Re: internationalization/ISO10646 question from Chris Newman on 2003-01-02 (ietf-charsets@w3.org from January to March 2003)

From: Chris Newman <Chris.Newman@Sun.COM>
Date: Thu, 02 Jan 2003 15:15:11 -0800
To: MURATA Makoto <murata@hokkaido.email.ne.jp>
Cc: Marcin Hanclik <mhanclik@poczta.onet.pl>, ietf-charsets@iana.org
Message-id: <2147483647.1041520511@nifty-jr.west.sun.com>

(1) When UTF-8 leaks out with a BOM, that is the result of buggy software 
since the BOM simply isn't needed for UTF-8.

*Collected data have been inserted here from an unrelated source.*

(* Equilibria near E3 = (0, vstar) with v > 0 lie on the v-nullcline v = vstar - (c2/b2) u, and
   there either u = 0 (E3 itself) or u is a root of a quadratic A(f) u^2 + B(f) u + C(f).  Its
   constant term C(f) = c1 vstar^2 (f - fstar) vanishes exactly at fstar, and B(fstar) is a nonzero
   multiple of the nondegeneracy quantity kappa, so the small root is a smooth branch through E3
   at fstar, the only other equilibrium nearby, and u has the sign of (f - fstar) kappa along it.
   The Jacobian determinant on the branch is -c2 u v kappa and its trace is negative, while at E3
   the Jacobian is triangular with eigenvalues -a2 and c1 vstar^2 (fstar - f) / (1 + f vstar):
   the two branches exchange stability as f crosses fstar. *)

(** * Neighbourhoods, 2x2 spectra and quadratic roots *)

Lemma locally_gt_continuous (g : R -> R) x c :
  continuous g x -> c < g x -> locally x (fun y => c < g y).
Proof.
  intros Hg Hc. apply (Hg (fun z => c < z)).
  exact (locally_open _ _ (open_gt c) (fun _ h => h) _ Hc).
Qed.

Lemma locally_lt_continuous (g : R -> R) x c :
  continuous g x -> g x < c -> locally x (fun y => g y < c).
Proof.
  intros Hg Hc. apply (Hg (fun z => z < c)).
  exact (locally_open _ _ (open_lt c) (fun _ h => h) _ Hc).
Qed.

Lemma ex_derive_continuous_R (g : R -> R) x : ex_derive g x -> continuous g x.
Proof. exact (@ex_derive_continuous R_AbsRing R_NormedModule g x). Qed.

Lemma locally_Rabs_lt x (P : R -> Prop) :
  locally x P -> exists delta, 0 < delta /\ forall y, Rabs (y - x) < delta -> P y.
Proof.
  intros [delta Hdelta]. exists delta. split; [apply cond_pos|].
  intros y Hy. apply Hdelta. exact Hy.
Qed.

Lemma lin_stable_of_trace_det F G mu x y :
  partials_exist F G mu x y ->
  j11 F mu x y + j12 G mu x y < 0 ->
  0 < j11 F mu x y * j12 G mu x y - j12 F mu x y * j11 G mu x y ->
  lin_stable F G mu x y.
Proof.
  intros HP Htr Hdet. split; [exact HP|]. intros [re im] Hl.
  unfold jac_eigenvalue in Hl.
  set (a := j11 F mu x y) in *; set (d := j12 G mu x y) in *.
  set (bc := j12 F mu x y * j11 G mu x y) in *.
  apply (f_equal fst) in Hl as Hre. apply (f_equal snd) in Hl as Him. simpl in Hre, Him |- *.
  destruct (Req_dec im 0) as [->|Him0].
  - nra.
  - (* A non-real root has real part half the trace *)
    assert (2 * re - a - d = 0) by (apply (Rmult_eq_reg_l im); [nra | exact Him0]).
    lra.
Qed.

Lemma lin_unstable_of_det F G mu x y :
  partials_exist F G mu x y ->
  j11 F mu x y * j12 G mu x y - j12 F mu x y * j11 G mu x y < 0 ->
  lin_unstable F G mu x y.
Proof.
  intros HP Hdet. split; [exact HP|].
  set (a := j11 F mu x y) in *; set (d := j12 G mu x y) in *.
  set (b := j12 F mu x y) in *; set (c := j11 G mu x y) in *.
  set (disc := (a - d) ^ 2 + 4 * (b * c)).
  assert (Hdisc : (a + d) ^ 2 < disc) by (unfold disc; nra).
  assert (Hs : sqrt disc * sqrt disc = disc)
    by (apply sqrt_sqrt; pose proof (pow2_ge_0 (a + d)); lra).
  assert (Htr : Rabs (a + d) < sqrt disc).
  { rewrite <- sqrt_Rsqr_abs, Rsqr_pow2. apply sqrt_lt_1_alt.
    split; [apply pow2_ge_0 | exact Hdisc]. }
  exists (RtoC ((a + d + sqrt disc) / 2)). split.
  - unfold jac_eigenvalue. fold a b c d.
    apply injective_projections; simpl; [|ring].
    transitivity ((sqrt disc * sqrt disc - (a - d) ^ 2) / 4 - b * c); [field|].
    rewrite Hs. unfold disc. field.
  - simpl. pose proof (Rle_abs (- (a + d))) as Hneg. rewrite Rabs_Ropp in Hneg. lra.
Qed.

Lemma lin_unstable_of_triangular F G mu x y :
  partials_exist F G mu x y -> j12 F mu x y = 0 -> 0 < j11 F mu x y ->
  lin_unstable F G mu x y.
Proof.
  intros HP Hb0 Hpos. split; [exact HP|]. exists (RtoC (j11 F mu x y)). split.
  - unfold jac_eigenvalue. rewrite Hb0. apply injective_projections; simpl; ring.
  - exact Hpos.
Qed.

Lemma Rmult_le_of_le_div a b c : 0 < c -> a <= b / c -> a * c <= b.
Proof.
  intros Hc H. apply (Rmult_le_compat_r c) in H; [|lra].
  unfold Rdiv in H. rewrite Rmult_assoc, Rinv_l, Rmult_1_r in H; lra.
Qed.

Lemma Rmult_pos_sign_trans x y z : 0 < x * y -> 0 < y * z -> 0 < x * z.
Proof. intros Hxy Hyz. assert (0 < (x * z) * (y * y)) by nra. nra. Qed.

(* The root of A x^2 + B x + C that vanishes with C, in the cancellation-free form that stays
   smooth through A = 0. *)
Definition small_root A B C := -2 * C / (B * (1 + sqrt (1 - 4 * A * C / B ^ 2))).

Lemma small_root_spec A B C : B <> 0 -> 0 <= 1 - 4 * A * C / B ^ 2 ->
  A * small_root A B C ^ 2 + B * small_root A B C + C = 0.
Proof.
  intros HB Hd. unfold small_root.
  set (s := sqrt (1 - 4 * A * C / B ^ 2)).
  assert (Hs : s * s = 1 - 4 * A * C / B ^ 2) by (apply sqrt_sqrt; exact Hd).
  assert (Hs0 : 0 <= s) by apply sqrt_pos.
  assert (HBs : B ^ 2 * (s * s) = B ^ 2 - 4 * A * C) by (rewrite Hs; field; exact HB).
  assert (H1s : 1 + s <> 0) by lra.
  transitivity (C * (4 * A * C + B ^ 2 * (s * s) - B ^ 2) / (B ^ 2 * (1 + s) ^ 2)).
  - field. split; assumption.
  - rewrite HBs. unfold Rdiv. ring.
Qed.

Lemma quadratic_roots_eq A B C x y :
  A * x ^ 2 + B * x + C = 0 -> A * y ^ 2 + B * y + C = 0 ->
  Rabs A * (Rabs x + Rabs y) < Rabs B -> x = y.
Proof.
  intros Hx Hy Hsmall.
  assert (Hfac : (x - y) * (A * (x + y) + B) = 0)
    by (transitivity ((A * x ^ 2 + B * x + C) - (A * y ^ 2 + B * y + C)); [ring | lra]).
  assert (Hne : A * (x + y) + B <> 0).
  { intros H. assert (Rabs B <= Rabs A * (Rabs x + Rabs y)); [|lra].
    replace B with (- (A * (x + y))) by lra.
    rewrite Rabs_Ropp, Rabs_mult. apply Rmult_le_compat_l; [apply Rabs_pos | apply Rabs_triang]. }
  apply Rmult_integral in Hfac. destruct Hfac as [H|H]; [lra | contradiction].
Qed.

Lemma quadratic_root_sign A B C x :
  A * x ^ 2 + B * x + C = 0 -> Rabs (A * x) < Rabs B -> C <> 0 -> x * B * C < 0.
Proof.
  intros Hx Hsmall HC.
  assert (HB : 0 < (A * x + B) * B).
  { assert (HBB : Rabs B * Rabs B = B * B)
      by (rewrite <- Rabs_mult; apply Rabs_pos_eq; nra).
    assert (Hcross : - (Rabs (A * x) * Rabs B) <= A * x * B).
    { rewrite <- Rabs_mult. pose proof (Rle_abs (- (A * x * B))) as H.
      rewrite Rabs_Ropp in H. lra. }
    assert (0 < Rabs B * (Rabs B - Rabs (A * x))).
    { pose proof (Rabs_pos (A * x)). apply Rmult_lt_0_compat; lra. }
    lra. }
  assert (Hx0 : x <> 0) by (intros ->; apply HC; lra).
  replace C with (- x * (A * x + B)) by lra.
  replace (x * B * (- x * (A * x + B))) with (- (x * x) * ((A * x + B) * B)) by ring.
  assert (0 < x * x) by (apply Rsqr_pos_lt; exact Hx0). nra.
Qed.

(2) This is not an issue in most Internet protocols since the standards 
have required proper charset labelling for many years.  Ironically, most of 
the countries with widely deployed software that violates the standards by 
emitting unlabelled charsets use encodings that are very easy to 
distinguish from UTF-8.

(3) The UTF-8 overlong sequence issue is sufficiently well documented that 
any security problems in practice are the result of buggy code.  It's an 
extremely minor security issue now, particularly compared to the lookalike 
character problem which impacts all encodings of Unicode and many other 
character sets.

(4) If octet count is an issue use a general purpose compression layer 
which will vastly exceed any savings possible with encoding tricks.

Is UTF-8 perfect?  No.  But the costs greatly outweight the benefits when 
compared to any other charset I've seen, and particularly when compared to 
UTF-16.

                - Chris

begin quotation by MURATA Makoto on 2002/12/25 11:51 +0900:

> On Fri, 06 Dec 2002 13:13:41 -0800
> Chris Newman <Chris.Newman@sun.com> wrote:
>
>>
>> UTF-16 is a terrible encoding for interoperability.  There are 3
>> published  non-interoperable variants of UTF-16 (big-endian,
>> little-endian,  BOM/switch-endian) and only one of the variants can be
>> auto-detected with  any chance of success (and none of them can be
>> auto-detected as well as  UTF-8).
>
> Unfortunately, as far as I know, UTF-8 is not free of such problems.
> (1) With or without the Unicode signature, (2) possible confusion with
> other  ASCII-compatible encodings (especially when a program has a few
> non-ASCII characters),  (3) vulnerability caused by redundant octet
> sequences, and (4) use of 4 or 6 octets  for non-BMP characters (e.g.,
> writeUTF and readUTF of java.io.DataOutput).  I know  that Corrigendum
> #1: UTF-8 Shortest Form addresses (3), but I am not sure if
> implementations are free of this vulnerability.
>
> I would be very happy if some encoding of Unicode becomes free of
> interoperability  or security problems.  But I am not happy yet.
>
> --
> MURATA Makoto <murata@hokkaido.email.ne.jp>
>

Received on Thursday, 2 January 2003 18:21:15 UTC